When comparing my MPI implementation to the sequential Heat Equation in 2D, my MPI implementation achieves a 12.39 speedup when using 96 threads.
In P0 the process has to send the last “real” row to the P1 process. At the same time, P0 has to receive from P1, P1’s first “real" row. P0’s first “real” row is not sent above, since there is no process above P0, only below. That’s why all the sends of the first “real” row happen only if the rank is higher than 0, and they have as destination the process below (rank + 1).
In the very last process (Pn-1), the last “real” row can’t be sent anywhere, since there are no processes below. That’s why the last “real” row is sent only if the rank is smaller than size-1.
The combination of MPI_Send and MPI_Recv has a better speedup than MPI_Sendrecv, but I am not sure why.
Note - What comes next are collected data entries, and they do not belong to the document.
Lemma minkowski2 q a1 a2 b1 b2 : 1 <= q ->
  0 <= a1 -> 0 <= a2 -> 0 <= b1 -> 0 <= b2 ->
  (a1 + b1) `^ q + (a2 + b2) `^ q <=
  ((a1 `^ q + a2 `^ q) `^ q^-1 + (b1 `^ q + b2 `^ q) `^ q^-1) `^ q.
Proof.
move=> q1 a10 a20 b10 b20.
have q0 : q != 0 by rewrite gt_eqF // (lt_le_trans ltr01).
have normK x y : 0 <= x -> 0 <= y -> ((x `^ q + y `^ q) `^ q^-1) `^ q = x `^ q + y `^ q.
  by move=> x0 y0; rewrite powRVK // addr_ge0 // powR_ge0.
have norm0 x y : 0 <= x -> 0 <= y -> (x `^ q + y `^ q) `^ q^-1 = 0 -> x = 0 /\ y = 0.
  move=> x0 y0 /(congr1 (@powR R ^~ q)); rewrite normK // powR0 // => /eqP.
  by rewrite paddr_eq0 ?powR_ge0 // !powR_eq0 q0 !andbT => /andP[/eqP-> /eqP->].
set A := (a1 `^ q + a2 `^ q) `^ q^-1; set B := (b1 `^ q + b2 `^ q) `^ q^-1.
have [A0|Aneq0] := eqVneq A 0.
  by have [-> ->] := norm0 _ _ a10 a20 A0; rewrite A0 !add0r normK.
have [B0|Bneq0] := eqVneq B 0.
  by have [-> ->] := norm0 _ _ b10 b20 B0; rewrite B0 !addr0 normK.
have Aq : A `^ q = a1 `^ q + a2 `^ q by rewrite normK.
have Bq : B `^ q = b1 `^ q + b2 `^ q by rewrite normK.
have A0 : 0 < A by rewrite lt0r Aneq0 powR_ge0.
have B0 : 0 < B by rewrite lt0r Bneq0 powR_ge0.
clearbody A B.
have AB0 : 0 < A + B by rewrite addr_gt0.
(* (x + y) / (A + B) is the convex combination of x / A and y / B
   with weights A / (A + B) and B / (A + B). *)
have coord x y : 0 <= x -> 0 <= y ->
    (x + y) `^ q / (A + B) `^ q <=
    A / (A + B) * (x `^ q / A `^ q) + B / (A + B) * (y `^ q / B `^ q).
  move=> x0 y0; rewrite -!powR_div ?addr_ge0 //.
  have -> : B / (A + B) = 1 - A / (A + B) by field; rewrite gt_eqF.
  have -> : (x + y) / (A + B) = A / (A + B) * (x / A) + (1 - A / (A + B)) * (y / B).
    by field; rewrite !gt_eqF.
  have l01 : 0 <= A / (A + B) <= 1.
    by rewrite divr_ge0 ?(ltW A0) ?(ltW AB0) //= ler_pdivrMr // mul1r lerDl ltW.
  by apply: powR_convex; rewrite // divr_ge0 // ltW.
have normalized C x y : 0 < C -> C `^ q = x `^ q + y `^ q ->
    x `^ q / C `^ q + y `^ q / C `^ q = 1.
  by move=> C0 Cq; rewrite -mulrDl -Cq divff // gt_eqF // powR_gt0.
have := lerD (coord _ _ a10 b10) (coord _ _ a20 b20).
rewrite [X in _ <= X -> _](_ : _ = A / (A + B) * (a1 `^ q / A `^ q + a2 `^ q / A `^ q)
   + B / (A + B) * (b1 `^ q / B `^ q + b2 `^ q / B `^ q)); last by ring.
rewrite (normalized A) // (normalized B) // !mulr1 -!mulrDl divff ?gt_eqF //.
by rewrite ler_pdivrMr ?mul1r // powR_gt0.
Qed.
Lemma qrank_tree_sentence j s : s < tower (S j) -> qrank (tree_sentence (tower j) s) <= j + 4.
Proof.
  intros Hs.
  assert (Hroot : forall x, qrank (root_form s x) <= S (S j)) by (intro; now apply qrank_type_form).
  assert (Hsmall : forall t x p, In t (seq 0 (tower j)) -> qrank (type_form (S t) t x p) <= S j)
    by (intros t x p Ht; apply in_seq in Ht; apply qrank_type_form; lia).
  assert (Hlow : forall x p, qrank (low_type_form (tower j) x p) <= S j)
    by (intros; apply qrank_big_or_map; auto).
  assert (Hsib : qrank (big_and 0 (map (fun t => FNot (FAnd (type_form (S t) t 1 0)
                   (type_form (S t) t 2 0))) (seq 0 (tower j)))) <= S j).
  { apply qrank_big_and_map. intros t Ht. cbn [qrank]. apply Nat.max_lub; auto. }
  unfold tree_sentence. cbn [qrank].
  replace (j + 4) with (S (S (S (S j)))) by lia.
  repeat match goal with
  | |- Nat.max _ _ <= _ => apply Nat.max_lub
  | |- S _ <= S _ => apply le_n_S
  end.
  all: pose proof (Hroot 0); pose proof (Hroot 1); pose proof (Hlow 0 1); pose proof (Hlow 1 0);
       lia.
Qed.

(** * The tree of a hereditarily finite set *)

(* The chain [m_k ∈ ... ∈ m_1 ∈ s] is stored as [m_k :: ... :: m_1]; the
   parent of [m :: l] is [l]. *)
Definition chain_top (s : nat) (l : list nat) : nat :=
  match l with [] => s | m :: _ => m end.

Fixpoint is_chain (s : nat) (l : list nat) : bool :=
  match l with [] => true | m :: l' => Nat.testbit (chain_top s l') m && is_chain s l' end.

Lemma is_chain_cons s m l :
  is_chain s (m :: l) = true <-> Nat.testbit (chain_top s l) m = true /\ is_chain s l = true.
Proof. apply Bool.andb_true_iff. Qed.

Definition chain (s : nat) : Type := {l : list nat | is_chain s l = true}.

Definition child_of (l l' : list nat) : Prop := exists m, l = m :: l'.

Lemma child_of_length l l' : child_of l l' -> length l = S (length l').
Proof. now intros [m ->]. Qed.

Definition tree_adj (s : nat) (a b : chain s) : Prop :=
  child_of (proj1_sig a) (proj1_sig b) \/ child_of (proj1_sig b) (proj1_sig a).

Lemma tree_adj_sym s a b : tree_adj s a b -> tree_adj s b a.
Proof. unfold tree_adj. tauto. Qed.

Lemma tree_adj_irrefl s a : ~ tree_adj s a a.
Proof. intros [H | H]; apply child_of_length in H; lia. Qed.

Definition tree_root (s : nat) : chain s := exist _ [] eq_refl.

Definition tree (s : nat) : graph :=
  Graph (chain s) (tree_adj s) (tree_adj_sym s) (tree_adj_irrefl s) (inhabits (tree_root s)).

Lemma chain_eq s (a b : chain s) : proj1_sig a = proj1_sig b -> a = b.
Proof.
  destruct a as [a Ha], b as [b Hb]. cbn. intros <-. f_equal.
  apply UIP_dec, Bool.bool_dec.
Qed.

Lemma child_of_neq s (x p : chain s) : child_of (proj1_sig x) (proj1_sig p) -> x <> p.
Proof. intros Hxp ->. apply child_of_length in Hxp. lia. Qed.

Lemma chain_parent s m l : is_chain s (m :: l) = true -> is_chain s l = true.
Proof. now intros [_ H]%is_chain_cons. Qed.

Lemma tree_has_type s n (x p : chain s) : chain_top s (proj1_sig x) = n ->
  (proj1_sig x = [] /\ p = x \/ child_of (proj1_sig x) (proj1_sig p)) -> has_type (tree s) n x p.
Proof.
  revert x p. induction n as [n IH] using (well_founded_induction lt_wf).
  intros [lx Hx] p Hn Hxp. cbn in Hn, Hxp. apply has_type_unfold. split.
  - intros [lc Hc] [[u Hu] | [u Hu]] Hcp; cbn in Hu.
    + exfalso. subst lx. destruct Hxp as [[? _] | [m Hm]]; [discriminate|].
      injection Hm as _ Hm. apply Hcp, chain_eq. cbn. congruence.
    + subst lc. destruct (proj1 (is_chain_cons _ _ _) Hc) as [Hu _]. rewrite Hn in Hu.
      exists u. split; [exact Hu|].
      apply IH; [exact (testbit_lt _ _ Hu) | reflexivity | right; now exists u].
  - intros u Hu.
    assert (Hc : is_chain s (u :: lx) = true) by (apply is_chain_cons; now rewrite Hn).
    exists (exist _ (u :: lx) Hc). split; [|split].
    + right. now exists u.
    + intros <-. cbn in Hxp. destruct Hxp as [[_ Hp] | Hp].
      * apply (f_equal (fun c => length (proj1_sig c))) in Hp. cbn in Hp. lia.
      * apply child_of_length in Hp. cbn in Hp. lia.
    + apply IH; [exact (testbit_lt _ _ Hu) | reflexivity | right; now exists u].
Qed.

Lemma tree_root_type s : has_type (tree s) s (tree_root s) (tree_root s).
Proof. apply tree_has_type; cbn; auto. Qed.

Lemma tree_child_type s m (x p : chain s) :
  proj1_sig x = m :: proj1_sig p -> has_type (tree s) m x p.
Proof. intros E. apply tree_has_type; [now rewrite E | right; now exists m]. Qed.

Lemma chain_top_lt s T m l : (forall m, Nat.testbit s m = true -> m < T) ->
  is_chain s (m :: l) = true -> m < T.
Proof.
  intros Hs. revert m. induction l as [|m' l IH]; intros m [Hm Hl]%is_chain_cons; cbn in Hm.
  - auto.
  - apply testbit_lt in Hm. specialize (IH m' Hl). lia.
Qed.

Section TreeTypes.

Variables s T a b : nat.
Hypothesis a_neq_b : a <> b.
Hypothesis bit_a : Nat.testbit s a = true.
Hypothesis bit_b : Nat.testbit s b = true.
Hypothesis T_le_pow_a : T <= 2 ^ a.
Hypothesis T_le_pow_b : T <= 2 ^ b.

(* Seen from any of its children, a vertex has a type at least [T]: the root
   has another child of type [a] or [b], and any other vertex has its parent
   as a further neighbour. *)
Lemma tree_parent_type_ge (x p : chain s) t :
  child_of (proj1_sig x) (proj1_sig p) -> has_type (tree s) t p x -> T <= t.
Proof.
  destruct p as [lp Hp]. cbn [proj1_sig]. revert t x Hp.
  induction lp as [|m' lq IH]; intros t x Hp [m Hx] Ht;
    apply has_type_unfold in Ht as [Hup _].
  - assert (exists w, w <> m /\ Nat.testbit s w = true /\ T <= 2 ^ w) as (w & Hwm & Hw & HwT).
    { destruct (Nat.eq_dec a m); [exists b | exists a]; repeat split; auto; congruence. }
    assert (Hc : is_chain s [w] = true) by (cbn; now rewrite Hw).
    destruct (Hup (exist _ [w] Hc)) as (u & Hu & Hcu).
    + right. now exists w.
    + intros <-. cbn in Hx. congruence.
    + pose proof (tree_child_type s w (exist _ [w] Hc) (exist _ [] Hp) eq_refl) as Hw'.
      rewrite (has_type_unique _ _ _ _ _ Hcu Hw') in Hu. apply testbit_pow_le in Hu. lia.
  - pose proof (chain_parent _ _ _ Hp) as Hq.
    destruct (Hup (exist _ lq Hq)) as (u & Hu & Hqu).
    + left. now exists m'.
    + intros <-. cbn in Hx. apply (f_equal (@length nat)) in Hx. cbn in Hx. lia.
    + assert (T <= u) by (apply (IH u (exist _ (m' :: lq) Hp) Hq); [now exists m' | exact Hqu]).
      apply testbit_pow_le in Hu. pose proof (Nat.pow_gt_lin_r 2 u). lia.
Qed.

Lemma tree_self_type_root n (x : chain s) : (forall u, Nat.testbit n u = true -> u < T) ->
  has_type (tree s) n x x -> x = tree_root s.
Proof.
  intros Hn Hx. destruct x as [[|m lp] Hc]; [now apply chain_eq|]. exfalso.
  pose proof (chain_parent _ _ _ Hc) as Hp.
  apply has_type_unfold in Hx as [Hup _].
  destruct (Hup (exist _ lp Hp)) as (u & Hu & Hpu).
  - left. now exists m.
  - apply not_eq_sym, child_of_neq. now exists m.
  - apply Hn in Hu. enough (T <= u) by lia.
    apply (tree_parent_type_ge (exist _ (m :: lp) Hc) (exist _ lp Hp) u);
      [now exists m | exact Hpu].
Qed.
(* Let $L\in\mathbb{R}^{N\times N}$ be invertible, $C=LL^T$, and let $D$ be the diagonal matrix with $D_{ii}=\sqrt{C_{ii}}$. Let $D_{opt}$ be an invertible diagonal matrix minimizing $\kappa(G^{-1}L)$ over all invertible diagonal matrices $G$. Then $$\kappa(D^{-1}L)\le\sqrt{N}\,\kappa(D_{opt}^{-1}L).$$ Furthermore, if at most $K$ entries in each row of $LL^T$ are nonzero, then $$\kappa(D^{-1}L)\le\sqrt{K}\,\kappa(D_{opt}^{-1}L).$$
   Context: For an invertible matrix $B\in\mathbb{R}^{N\times N}$, $\kappa(B):=\|B\|_2\,\|B^{-1}\|_{S^4}$, where $\|\cdot\|_2$ is the spectral norm and $\|A\|_{S^4}:=\left(\sum_{n} s_n^4\right)^{1/4}$ with $s_n$ the singular values of $A$ (fourth Schatten norm). *)

From HB Require Import structures.
From mathcomp Require Import all_boot all_order all_algebra.
From mathcomp Require Import reals.
From Stdlib Require Import ClassicalEpsilon.
Set Implicit Arguments. Unset Strict Implicit. Unset Printing Implicit Defensive.
Import Order.TTheory GRing.Theory Num.Theory.
Local Open Scope ring_scope.

Section Defs.
Variable R : realType.

(* s is a (multiset) list of the singular values of A: the nonnegative
   square roots of the eigenvalues (with multiplicity) of A^T A. *)
Definition is_singular_values (N : nat) (A : 'M[R]_N) (s : 'I_N -> R) : Prop :=
  (forall i, 0 <= s i) /\
  char_poly (A^T *m A) = \prod_(i < N) ('X - ((s i) ^+ 2)%:P).

(* a choice of the singular values (they exist since A^T A is symmetric psd) *)
Definition singvals (N : nat) (A : 'M[R]_N) : 'I_N -> R :=
  epsilon (inhabits (fun _ : 'I_N => 0)) (is_singular_values A).

Definition spec_norm (N : nat) (A : 'M[R]_N) : R :=
  \big[Num.max/0]_(i < N) singvals A i.

Definition schatten4 (N : nat) (A : 'M[R]_N) : R :=
  Num.sqrt (Num.sqrt (\sum_(i < N) (singvals A i) ^+ 4)).

Definition kappa (N : nat) (B : 'M[R]_N) : R :=
  spec_norm B * schatten4 (invmx B).

Definition inv_diag (N : nat) (G : 'M[R]_N) : Prop :=
  exists d : 'rV[R]_N, G = diag_mx d /\ forall i, d 0 i != 0.

End Defs.

From HB Require Import structures.
From mathcomp Require Import all_boot all_order all_algebra.
From mathcomp Require Import reals complex ring lra.
From Stdlib Require Import ClassicalEpsilon.
Import Order.TTheory GRing.Theory Num.Theory.
Local Open Scope ring_scope.
Set Implicit Arguments. Unset Strict Implicit. Unset Printing Implicit Defensive.

(* Let B := D^-1 L and, for an arbitrary invertible diagonal G, A := G^-1 L.
   Then B^-1 = A^-1 diag(d_i / g_i), and |d_i / g_i| is the Euclidean norm of
   row i of A, hence at most ||A||_2.  Right multiplication by a diagonal
   matrix with entries bounded by c multiplies the S^4 norm by at most c, so
   ||B^-1||_S4 <= ||A||_2 ||A^-1||_S4, i.e. kappa(B) <= ||B||_2 kappa(A).  Finally the rows of B have
   unit length, so ||B||_2^2 <= tr(B B^T) = N, and Gershgorin's theorem for
   B B^T, whose entries are bounded by 1 and whose sparsity pattern is that of
   L L^T, gives ||B||_2^2 <= K. *)

Section Similarity.
Variables (F : fieldType) (n : nat) (P X : 'M[F]_n).
Hypothesis P_unit : P \in unitmx.

Lemma char_poly_similar : char_poly (invmx P *m X *m P) = char_poly X.
Proof.
rewrite /char_poly /char_poly_mx.
have PVP : map_mx polyC (invmx P) *m map_mx polyC P = 1%:M.
  by rewrite -map_mxM mulVmx // map_mx1.
have -> : 'X%:M - map_mx polyC (invmx P *m X *m P) =
    map_mx polyC (invmx P) *m ('X%:M - map_mx polyC X) *m map_mx polyC P.
  rewrite !map_mxM mulmxBr mulmxBl; congr (_ - _).
  by rewrite mul_mx_scalar -scalemxAl PVP scalemx1.
rewrite !det_mulmx mulrC mulrA -det_mulmx.
by rewrite -map_mxM mulmxV // map_mx1 det1 mul1r.
Qed.

Lemma mxtrace_similar : \tr (invmx P *m X *m P) = \tr X.
Proof. by rewrite mxtrace_mulC mulmxA mulmxV // mul1mx. Qed.

Lemma similar_diag_mul (d e : 'rV[F]_n) :
  (invmx P *m diag_mx d *m P) *m (invmx P *m diag_mx e *m P) =
  invmx P *m diag_mx (\row_j (d 0 j * e 0 j)) *m P.
Proof. by rewrite !mulmxA mulmxK // -(mulmxA (invmx P)) mulmx_diag. Qed.

End Similarity.

Lemma char_poly_diag (F : comNzRingType) n (e : 'rV[F]_n) :
  char_poly (diag_mx e) = \prod_j ('X - (e 0 j)%:P).
Proof.
rewrite char_poly_trig ?diag_mx_is_trig //.
by apply: eq_bigr => j _; rewrite mxE eqxx mulr1n.
Qed.

Section GramSpectrum.
Variable R : realType.
Local Notation cR := (real_complex R).
Local Notation mc := (map_mx cR).
Local Open Scope sesquilinear_scope.

Lemma map_conj_real m k (B : 'M[R]_(m, k)) : map_mx Num.conj (mc B) = mc B.
Proof. by apply/matrixP => i j; rewrite !mxE; exact: conjc_real. Qed.

Lemma map_trmxC_real m k (B : 'M[R]_(m, k)) : (mc B)^t* = mc B^T.
Proof. by rewrite map_trmx map_conj_real. Qed.

Variables (n : nat) (A : 'M[R]_n).
Local Notation M := (A^T *m A).

(* MathComp's spectral theorem lives over a numClosedField, so A^T A is
   diagonalised over R[i]; its eigenvalues are real since it is symmetric. *)
Definition gram_basis : 'M[R[i]]_n := spectralmx (mc M).
Definition gram_eigvals : 'rV[R]_n :=
  map_mx (@complex.Re R) (spectral_diag (mc M)).
Local Notation P := gram_basis.
Local Notation lam := gram_eigvals.

Lemma gram_basis_unitary : P \is unitarymx.
Proof. exact: spectral_unitarymx. Qed.

Lemma gram_basis_unit : P \in unitmx.
Proof. exact: spectral_unit. Qed.

Lemma gram_spectral_decomp : mc M = invmx P *m diag_mx (mc lam) *m P.
Proof.
have M_herm : mc M \is hermsymmx.
  apply: realsym_hermsym.
    apply/is_hermitianmxP; rewrite expr0 scale1r map_mx_id //.
    by rewrite map_trmx trmx_mul trmxK.
  apply/mxOverP => i j; rewrite mxE realE -(rmorph0 cR) !lecR; exact: le_total.
have -> : mc lam = spectral_diag (mc M).
  apply/matrixP => i j; rewrite !mxE RRe_real //.
  by move/mxOverP: (hermitian_spectral_diag_real M_herm); apply.
by apply/orthomx_spectralP; apply: hermitian_normalmx.
Qed.

Lemma gram_quadE (x : 'rV[R[i]]_n) :
  (x *m mc M *m x^t*) 0 0 = \sum_j cR (lam 0 j) * `|(x *m P^t*) 0 j| ^+ 2.
Proof.
rewrite gram_spectral_decomp invmx_unitary ?gram_basis_unitary // !mulmxA.
have -> : x *m P^t* *m diag_mx (mc lam) *m P *m x^t* =
    (x *m P^t*) *m diag_mx (mc lam) *m (x *m P^t*)^t*.
  by rewrite -!mulmxA; congr (_ *m (_ *m _)); rewrite trmx_mul map_mxM trmxCK.
rewrite mxE; apply: eq_bigr => j _.
by rewrite mul_mx_diag !mxE normCK mulrA [_ * cR _]mulrC.
Qed.

Lemma gram_quad_ge0 (x : 'rV[R[i]]_n) : 0 <= (x *m mc M *m x^t*) 0 0.
Proof.
set z := x *m (mc A)^T.
have -> : x *m mc M *m x^t* = z *m z^t*.
  by rewrite /z trmx_mul trmxK !map_mxM map_conj_real map_trmx !mulmxA.
by rewrite mxE; apply: sumr_ge0 => k _; rewrite !mxE mul_conjC_ge0.
Qed.

Lemma gram_eigvals_ge0 j : 0 <= lam 0 j.
Proof.
(* [row j P *m P^t*] is the j-th unit vector. *)
have := gram_quad_ge0 (row j P).
rewrite gram_quadE -row_mul (unitarymxP gram_basis_unitary) (bigD1 j) //= big1 ?addr0.
  by rewrite !mxE eqxx normr1 expr1n mulr1 -(rmorph0 cR) lecR.
by move=> k kj; rewrite !mxE eq_sym (negbTE kj) normr0 expr0n mulr0.
Qed.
Most likely, it is related to the fact that when using MPI_Sendrecv send and receive happen simultaneously and that means two blocking operations happen simultaneously. That will also explain why after using 4 nodes, the performance is no longer getting better but worse. The amount of simultaneously blockings affects the performance when the number of processes gets even higher.
With the combination of MPI_Send and MPI_Recv, as seen on the graph and raw data, the performance gets better every time the number of processes get higher. With a 2688x4096 matrix and 1000 iterations the speedup is the highest, but after using 4 nodes and 64 the speedup gain is a bit smaller but still far from flattening. When using the same matrix but with 2000 iterations, the speedup gain looks to be more constant between 1 and 6 nodes, around x1.4 for each extra node.
With a 1152x1152 matrix, and 1000 iterations, the speedup is almost the same when using 1,2 or 3 nodes. It gets noticeable better when using 4 nodes. But, out of the all three cases this one has the smallest speedup.
A conclusion might be that the bigger the matrix is, the higher the speedup will be. The number of blocking communications are a bottleneck in my implementation.